Beautiful Ruins, by Jess Walter

Recommended to:

  • Anyone wanting an engaging – and not depressing – escape
  • Anyone wishing they were on the Italian coast
  • Those looking for some lovely imagery, depth and scenery in a story

Not recommended to:

  • Those currently or recently experiencing a romantic break up or loss of humour
  • Anyone confused or irritated by changes in chronology
  • Anyone who prefers their fiction to be strictly by Russian, dead and/or angst-driven authors
  • Those who prefer their books to weigh more than their chair.

Rated: PG 15+ (high level language [f-bombs present throughout], marriage breakdowns, family strife, Hollywood chaos)

What have you read lately that was fun, light and/or delicious?

About Kellie Purcill

lives way on the other side of the planet in her native Australia and gives thanks for the internet regularly. She loves books, her boys, panna cotta, collecting words, being a redhead and not putting things in order of importance when listing items. She credits writing as a major contributing factor to surviving her life with sanity mostly intact, though her (in)sanity level is subject to change without warning.

5 thoughts on “Mental Fairy Floss”

  1. Kelli, I loved Beautiful Ruins too! I heard Jess Walters in a lecture in Portland last month and he was as dazzling as his book–warm, gracious, hilarious. (I even got my photo with him–shameless, I know.) The only downfall of this book was, for me, the language. I am not a prude at all but I found the language to be more of a "hard R" rating–f- bombs galore, very crass sexual references, etc.

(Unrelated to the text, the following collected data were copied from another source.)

(* For every positive integer $n$, the class $\mathcal K_n^*$ has the expansion property relative to the class $\mathcal K_n$.
   Context: Expansion property: let $L\subseteq L^*$ be relational languages, $\mathcal K$ a class of finite $L$-structures and $\mathcal K^*$ a class of finite $L^*$-structures whose $L$-reducts lie in $\mathcal K$. $\mathcal K^*$ has the expansion property relative to $\mathcal K$ if for every $\mathbf A\in\mathcal K$ there is $\mathbf B\in\mathcal K$ such that for all $\mathbf A^*,\mathbf B^*\in\mathcal K^*$ whose $L$-reducts are $\mathbf A$ and $\mathbf B$ respectively, $\mathbf A^*$ embeds into $\mathbf B^*$. A directed graph $(A,E)$ ($E$ irreflexive and asymmetric) is complete multipartite if the relation ''$u=v$, or neither $E(u,v)$ nor $E(v,u)$'' is an equivalence relation on $A$; its classes are called the parts. $\mathcal K_n$ is the class of finite complete multipartite directed graphs with at most $n$ parts (the age of the generic complete $n$-partite directed graph $n*I_\omega$). $\mathcal K_n^*$ is the class of finite structures $(A,E,P_0,\dots,P_{n-1},<)$ such that $(A,E)\in\mathcal K_n$, $P_0,\dots,P_{n-1}$ are pairwise disjoint subsets of $A$ each of which is either empty or a part, every part equals some $P_i$, and $<$ is a linear order on $A$ such that every element of $P_i$ is below every element of $P_j$ whenever $i<j$. *)

From mathcomp Require Import all_boot.
Set Implicit Arguments. Unset Strict Implicit. Unset Printing Implicit Defensive.

Definition is_digraph (T : finType) (E : rel T) : Prop :=
  (forall x, ~~ E x x) /\ (forall x y, E x y -> ~~ E y x).

Definition nonadj (T : finType) (E : rel T) : rel T :=
  fun u v => (u == v) || (~~ E u v && ~~ E v u).

Definition complete_multipartite (T : finType) (E : rel T) : Prop :=
  is_digraph E /\ equivalence_rel (nonadj E).

Definition part_of (T : finType) (E : rel T) (x : T) : {set T} :=
  [set y | nonadj E x y].

Definition is_part (T : finType) (E : rel T) (X : {set T}) : Prop :=
  exists x, X = part_of E x.

Definition parts (T : finType) (E : rel T) : {set {set T}} :=
  [set part_of E x | x in T].

Definition in_Kn (n : nat) (T : finType) (E : rel T) : Prop :=
  complete_multipartite E /\ #|parts E| <= n.

Definition in_Kn_star (n : nat) (T : finType) (E : rel T)
    (P : 'I_n -> {set T}) (lt : rel T) : Prop :=
  in_Kn n E /\
  [/\ (forall i j : 'I_n, i != j -> [disjoint P i & P j]),
      (forall i : 'I_n, P i = set0 \/ is_part E (P i)),
      (forall X, is_part E X -> exists i : 'I_n, X = P i),
      [/\ (forall x, ~~ lt x x),
          (forall x y z, lt x y -> lt y z -> lt x z) &
          (forall x y, x != y -> lt x y || lt y x)] &
      (forall (i j : 'I_n) x y, (i < j)%N -> x \in P i -> y \in P j -> lt x y)].

Definition star_embedding (n : nat) (TA TB : finType)
    (EA : rel TA) (PA : 'I_n -> {set TA}) (ltA : rel TA)
    (EB : rel TB) (PB : 'I_n -> {set TB}) (ltB : rel TB) (f : TA -> TB) : Prop :=
  [/\ injective f,
      (forall x y, EB (f x) (f y) = EA x y),
      (forall (i : 'I_n) x, (f x \in PB i) = (x \in PA i)) &
      (forall x y, ltB (f x) (f y) = ltA x y)].

From mathcomp Require Import all_boot.
Set Implicit Arguments. Unset Strict Implicit. Unset Printing Implicit Defensive.

(* We work with labelled structures: a labelling c : T -> 'I_n whose fibres
   are the parts of a complete multipartite digraph E, together with an order
   that is only required to be linear inside each fibre.  For k <= n the
   property [uniform_target n k] says that any finite family of labelled
   ordered expansions of one digraph embeds into a single labelled target, for
   every blockwise order of the target that follows a fixed default order on
   the labels >= k.  The disjoint union of the family gives k = 0; the step
   k -> k+1 replaces the fibre of label k by a large fresh fibre W and every
   other vertex b by the copies (b, g), g : W -> bool prescribing the edges
   towards W, so that any order on W works (finite linear orders embed into
   larger ones, via ranks).  For k = n the target is arbitrary ordered.
   Finally, for A in K_n we apply this to the family of all labelled ordered
   expansions of A; an expansion in K_n^* is such a labelling by part indices,
   up to a permutation of the labels, and the order across parts is forced by
   the part indices. *)

Definition linear_on (T : finType) (P : pred T) (lt : rel T) : Prop :=
  [/\ forall x, lt x x = false,
      forall x y z, P x -> P y -> P z -> lt x y -> lt y z -> lt x z &
      forall x y, P x -> P y -> x <> y -> lt x y || lt y x].

Section Rank.
Variables (T : finType) (P : pred T) (lt : rel T).
Hypothesis lt_linear : linear_on P lt.

Definition rank (x : T) : nat := #|[set z | P z && lt z x]|.

Lemma rank_lt x y : P x -> P y -> lt x y -> rank x < rank y.
Proof.
case: lt_linear => irr tr _ Px Py lxy; apply: proper_card; apply/properP; split.
  by apply/subsetP=> z; rewrite !inE => /andP[Pz lzx]; rewrite Pz (tr z x y).
by exists x; rewrite !inE ?Px ?lxy ?irr.
Qed.

Lemma lt_rank x y : P x -> P y -> lt x y = (rank x < rank y).
Proof.
case: (lt_linear) => irr _ tot Px Py; case lxy: (lt x y); first by rewrite rank_lt.
case: (eqVneq x y) => [->|nxy]; first by rewrite ltnn.
have := tot _ _ Px Py (elimN eqP nxy); rewrite lxy /= => lyx.
by rewrite ltnNge ltnW // rank_lt.
Qed.

Lemma rank_inj x y : P x -> P y -> rank x = rank y -> x = y.
Proof.
case: (lt_linear) => _ _ tot Px Py e; apply/eqP; apply: contraT => nxy.
by have := tot _ _ Px Py (elimN eqP nxy); rewrite !lt_rank // e ltnn.
Qed.

Lemma rank_bound x : P x -> rank x < #|P|.
Proof.
case: (lt_linear) => irr _ _ Px; rewrite -cardsE; apply: proper_card.
apply/properP; split; first by apply/subsetP=> z; rewrite !inE => /andP[].
by exists x; rewrite !inE ?Px ?irr.
Qed.

End Rank.

(* A finite linear order embeds into every linear order with at least as many
   elements: send the element of rank r to the element of rank r. *)
Lemma linear_order_embedding (X Y : finType) (P : pred X) (ltX : rel X)
    (ltY : rel Y) (y0 : Y) :
  linear_on P ltX -> linear_on predT ltY -> #|P| <= #|Y| ->
  exists h : X -> Y, forall x y, P x -> P y -> ltY (h x) (h y) = ltX x y.
Proof.
move=> linX linY cardPY.
pose rankY (y : Y) : 'I_#|Y| := Ordinal (rank_bound linY (erefl : predT y)).
have rankY_inj : injective rankY.
  by move=> a b /(congr1 val) /=; apply: (rank_inj linY).
have [g _ rankYK] := inj_card_bij rankY_inj (eq_leq (card_ord _)).
pose h x := g (insubd (rankY y0) (rank P ltX x)).
have rank_h x : P x -> rank predT ltY (h x) = rank P ltX x.
  move=> Px; have := congr1 val (rankYK (insubd (rankY y0) (rank P ltX x))).
  by rewrite /= val_insubd (leq_trans (rank_bound linX Px)).
exists h => x y Px Py.
by rewrite (lt_rank linY) // (lt_rank linX) // !rank_h.
Qed.

(* [c] labels the vertices by [n] labels and [E] is the complete multipartite
   digraph whose parts are exactly the (nonempty) fibres of [c]. *)
Definition multipartite_labelling n (T : finType) (c : T -> 'I_n) (E : rel T) : Prop :=
  (forall x y, c x = c y -> E x y = false) /\
  (forall x y, c x <> c y -> E y x = ~~ E x y).

Definition blockwise_order n (T : finType) (c : T -> 'I_n) (lt : rel T) : Prop :=
  [/\ forall x, lt x x = false,
      forall x y z, c x = c y -> c y = c z -> lt x y -> lt y z -> lt x z &
      forall x y, c x = c y -> x <> y -> lt x y || lt y x].

Lemma blockwise_fibre n (T : finType) (c : T -> 'I_n) (lt : rel T) (l : 'I_n) :
  blockwise_order c lt -> linear_on (fun x => c x == l) lt.
Proof.
case=> irr tr tot; split=> // [x y z /eqP ex /eqP ey /eqP ez|x y /eqP ex /eqP ey].
  by apply: tr; rewrite ?ex ?ey ?ez.
by apply: tot; rewrite ex ey.
Qed.

Definition labelled_embedding n (TA TB : finType) (cA : TA -> 'I_n) (EA ltA : rel TA)
    (cB : TB -> 'I_n) (EB ltB : rel TB) (f : TA -> TB) : Prop :=
  [/\ forall x, cB (f x) = cA x,
      forall x y, EB (f x) (f y) = EA x y &
      forall x y, cA x = cA y -> ltB (f x) (f y) = ltA x y].

Definition uniform_target n k : Prop :=
  forall (I TA : finType) (EA : rel TA) (cA : I -> TA -> 'I_n) (ltA : I -> rel TA),
  (forall i, multipartite_labelling (cA i) EA /\ blockwise_order (cA i) (ltA i)) ->
  exists (TB : finType) (cB : TB -> 'I_n) (EB ltB0 : rel TB),
  [/\ multipartite_labelling cB EB, blockwise_order cB ltB0,
      (forall l, exists y, cB y = l) &
      forall ltB, blockwise_order cB ltB ->
        (forall x y, cB x = cB y -> k <= cB x -> ltB x y = ltB0 x y) ->
        forall i, exists f, labelled_embedding (cA i) EA (ltA i) cB EB ltB f].

Lemma ltn_ord_flip n (a b : 'I_n) : a <> b -> (b < a) = ~~ (a < b).
Proof. by move=> nab; rewrite ltnNge leq_eqVlt orbC; case: ltngtP => // /val_inj. Qed.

Don't get me wrong, I loved the story, but found it hard to recommend to even my "heathen" friends. 🙂

    Was I overreacting? I'm asking sincerely, bc I'd love to tell more people to read it–it's perfect for summer. And thx for the review–the book was refreshing and original, such fun!

    Reply
  2. Jennifer, thank you, and you're absolutely right about the language – it was a drafting error and typo on my part (the post is now amended).

    I have to plead ignorance on the R-rating scale: I've just realised (after your comment) that what is rated R in the USA is normally given an M or MA rating here in Australia.

    I'm glad to find another fan of Beautiful Ruins, and I'm glad at least one of us got to hear Jess in person (and a photo? I'm jealous!)

    Reply
  3. Wait, Jess is a man? Somehow I missed that point! I just loved Beautiful Ruins. I don't normally feel in the mood for fiction but sometimes it just feels so good to be sucked into a book. I read an entire book called A Hundrend Summers on the airplane last month and it was delicious.

    Reply
  4. Sounds interesting. I'm glad you're filling your brain with some fluff before it gets weighed down again. 🙂 Winter is good for that kind of thing.

    Reply
  5. Oh, I loved Beautiful Ruins. I didn't mind the language or anything one bit, because I am depraved and probably Hell-bound. It was gorgeous. I especially loved the interview at the end where he talked about writing it for ten million years. It gave me hope.
    I Just finished The Truth About the Harry Quebert Affair and, while it was in no way the beauty that Ruins was, it was a fun read, too. But also with the switching chronology.